* _ABOUT THIS TASK_
Retype all of the data exactly as given.

* _AVAILABLE DATA_
Lemma non_locking_rejected c : ~ locking h T (decode_seq c) ->
  exists N0, forall N, N0 <= N -> accept th (canon_content T N) N c = false.
Proof.
  intros Hnl.
  destruct (classic (from_content T (decode_seq c))) as [Hc|Hc].
  2:{ exists 0. intros N _. apply not_true_iff_false. intros [Hsub _]%accept_spec.
      exact (Hc (code_sub_canon_from_content T N c Hsub)). }
  assert (Hext : exists r, from_content T r /\ h (code_seq (decode_seq c ++ r)) <> h c).
  { apply NNPP; intros Hn. apply Hnl. split; [exact Hc|]. intros r Hr.
    rewrite code_seq_decode_seq. apply NNPP; intros Hne. apply Hn. eauto. }
  destruct Hext as [r [Hr Hne]].
  set (c' := code_seq (decode_seq c ++ r)) in Hne.
  assert (Hc' : from_content T (decode_seq c ++ r)) by now apply from_content_app.
  destruct (learner_defined phi h L HL T HT _ Hc) as [y Hy].
  rewrite code_seq_decode_seq in Hy.
  destruct (learner_defined phi h L HL T HT _ Hc') as [y' Hy']. fold c' in Hy'.
  destruct (run_eventually c y Hy) as [k1 Hk1].
  destruct (run_eventually c' y' Hy') as [k2 Hk2].
  destruct (code_sub_canon_eventually T _ Hc') as [k3 Hk3].
  exists (max c' (max k1 (max k2 k3))). intros N HN.
  apply not_true_iff_false. intros (_ & _ & Hacc)%accept_spec.
  apply Hne. rewrite Hy, Hy'. enough (S y' = S y) by congruence.
  rewrite <- (Hk1 N), <- (Hk2 N) by lia. apply Hacc.
  - lia.
  - rewrite <- (code_seq_decode_seq c) at 1. apply code_prefix_code_seq. eauto.
  - apply Hk3. lia.
  - rewrite Hk2 by lia. lia.
Qed.

Lemma locking_accepted c : locking h T (decode_seq c) ->
  exists N0, forall N, N0 <= N -> accept th (canon_content T N) N c = true.
Proof.
  intros [Hc Hlock].
  destruct (learner_defined phi h L HL T HT _ Hc) as [y Hy].
  rewrite code_seq_decode_seq in Hy.
  destruct (run_eventually c y Hy) as [k1 Hk1].
  destruct (code_sub_canon_eventually T _ Hc) as [k2 Hk2].
  rewrite code_seq_decode_seq in Hk2.
  exists (max k1 k2). intros N HN. apply accept_spec.
  rewrite (Hk1 N) by lia. split; [apply Hk2; lia|split; [lia|]].
  intros c' _ Hpre Hsub' Hrun'.
  rewrite <- (code_seq_decode_seq c), <- (code_seq_decode_seq c') in Hpre.
  apply code_prefix_code_seq in Hpre as [r Hr].
  apply code_sub_canon_from_content in Hsub'. rewrite Hr in Hsub'.
  apply from_content_app in Hsub' as [_ Hr'].
  destruct (run th N c') as [|z] eqn:Ez; [lia|]. apply run_Some in Ez.
  specialize (Hlock r Hr'). rewrite <- Hr, !code_seq_decode_seq, Ez, Hy in Hlock.
  congruence.
Qed.

Lemma psd_to_code_converges : exists c0 y0,
  locking h T (decode_seq c0) /\ h c0 = Some y0 /\
  exists N0, forall N, N0 <= N -> psd_to_code th (cpair (canon_content T N) N) = c0.
Proof.
  destruct (dec_inh_nat_subset_has_unique_least_element (fun c => locking h T (decode_seq c)))
    as [c0 [[Hc0 Hleast] _]].
  { intros c. apply classic. }
  { destruct (locking_exists phi h L HL T HT) as [s Hs].
    exists (code_seq s). now rewrite decode_seq_code_seq. }
  destruct (learner_defined phi h L HL T HT _ (proj1 Hc0)) as [y0 Hy0].
  rewrite code_seq_decode_seq in Hy0.
  exists c0, y0. split; [exact Hc0|split; [exact Hy0|]].
  destruct (eventually_forall_below (fun c N => accept th (canon_content T N) N c = false) c0)
    as [N1 HN1].
  { intros c Hc. apply non_locking_rejected. intros Hl. specialize (Hleast c Hl). lia. }
  destruct (locking_accepted c0 Hc0) as [N2 HN2].
  exists (max c0 (max N1 N2)). intros N HN.
  assert (Hcand : psd_candidate th (cpair (canon_content T N) N) = c0).
  { unfold psd_candidate. rewrite cfst_cpair, csnd_cpair.
    apply bmin_eq; [lia|apply HN2; lia|]. intros j Hj. apply HN1; [lia|exact Hj]. }
  unfold psd_to_code. rewrite Hcand, csnd_cpair.
  now replace (c0 <? S N) with true by (symmetry; apply Nat.ltb_lt; lia).
Qed.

* _EXERCISE OUTPUT_
Lemma non_locking_rejected c : ~ locking h T (decode_seq c) ->
  exists N0, forall N, N0 <= N -> accept th (canon_content T N) N c = false.
Proof.
  intros Hnl.
  destruct (classic (from_content T (decode_seq c))) as [Hc|Hc].
  2:{ exists 0. intros N _. apply not_true_iff_false. intros [Hsub _]%accept_spec.
      exact (Hc (code_sub_canon_from_content T N c Hsub)). }
  assert (Hext : exists r, from_content T r /\ h (code_seq (decode_seq c ++ r)) <> h c).
  { apply NNPP; intros Hn. apply Hnl. split; [exact Hc|]. intros r Hr.
    rewrite code_seq_decode_seq. apply NNPP; intros Hne. apply Hn. eauto. }
  destruct Hext as [r [Hr Hne]].
  set (c' := code_seq (decode_seq c ++ r)) in Hne.
  assert (Hc' : from_content T (decode_seq c ++ r)) by now apply from_content_app.
  destruct (learner_defined phi h L HL T HT _ Hc) as [y Hy].
  rewrite code_seq_decode_seq in Hy.
  destruct (learner_defined phi h L HL T HT _ Hc') as [y' Hy']. fold c' in Hy'.
  destruct (run_eventually c y Hy) as [k1 Hk1].
  destruct (run_eventually c' y' Hy') as [k2 Hk2].
  destruct (code_sub_canon_eventually T _ Hc') as [k3 Hk3].
  exists (max c' (max k1 (max k2 k3))). intros N HN.
  apply not_true_iff_false. intros (_ & _ & Hacc)%accept_spec.
  apply Hne. rewrite Hy, Hy'. enough (S y' = S y) by congruence.
  rewrite <- (Hk1 N), <- (Hk2 N) by lia. apply Hacc.
  - lia.
  - rewrite <- (code_seq_decode_seq c) at 1. apply code_prefix_code_seq. eauto.
  - apply Hk3. lia.
  - rewrite Hk2 by lia. lia.
Qed.

Lemma locking_accepted c : locking h T (decode_seq c) ->
  exists N0, forall N, N0 <= N -> accept th (canon_content T N) N c = true.
Proof.
  intros [Hc Hlock].
  destruct (learner_defined phi h L HL T HT _ Hc) as [y Hy].
  rewrite code_seq_decode_seq in Hy.
  destruct (run_eventually c y Hy) as [k1 Hk1].
  destruct (code_sub_canon_eventually T _ Hc) as [k2 Hk2].
  rewrite code_seq_decode_seq in Hk2.
  exists (max k1 k2). intros N HN. apply accept_spec.
  rewrite (Hk1 N) by lia. split; [apply Hk2; lia|split; [lia|]].
  intros c' _ Hpre Hsub' Hrun'.
  rewrite <- (code_seq_decode_seq c), <- (code_seq_decode_seq c') in Hpre.
  apply code_prefix_code_seq in Hpre as [r Hr].
  apply code_sub_canon_from_content in Hsub'. rewrite Hr in Hsub'.
  apply from_content_app in Hsub' as [_ Hr'].
  destruct (run th N c') as [|z] eqn:Ez; [lia|]. apply run_Some in Ez.
  specialize (Hlock r Hr'). rewrite <- Hr, !code_seq_decode_seq, Ez, Hy in Hlock.
  congruence.
Qed.

Lemma psd_to_code_converges : exists c0 y0,
  locking h T (decode_seq c0) /\ h c0 = Some y0 /\
  exists N0, forall N, N0 <= N -> psd_to_code th (cpair (canon_content T N) N) = c0.
Proof.
  destruct (dec_inh_nat_subset_has_unique_least_element (fun c => locking h T (decode_seq c)))
    as [c0 [[Hc0 Hleast] _]].
  { intros c. apply classic. }
  { destruct (locking_exists phi h L HL T HT) as [s Hs].
    exists (code_seq s). now rewrite decode_seq_code_seq. }
  destruct (learner_defined phi h L HL T HT _ (proj1 Hc0)) as [y0 Hy0].
  rewrite code_seq_decode_seq in Hy0.
  exists c0, y0. split; [exact Hc0|split; [exact Hy0|]].
  destruct (eventually_forall_below (fun c N => accept th (canon_content T N) N c = false) c0)
    as [N1 HN1].
  { intros c Hc. apply non_locking_rejected. intros Hl. specialize (Hleast c Hl). lia. }
  destruct (locking_accepted c0 Hc0) as [N2 HN2].
  exists (max c0 (max N1 N2)). intros N HN.
  assert (Hcand : psd_candidate th (cpair (canon_content T N) N) = c0).
  { unfold psd_candidate. rewrite cfst_cpair, csnd_cpair.
    apply bmin_eq; [lia|apply HN2; lia|]. intros j Hj. apply HN1; [lia|exact Hj]. }
  unfold psd_to_code. rewrite Hcand, csnd_cpair.
  now replace (c0 <? S N) with true by (symmetry; apply Nat.ltb_lt; lia).
Qed.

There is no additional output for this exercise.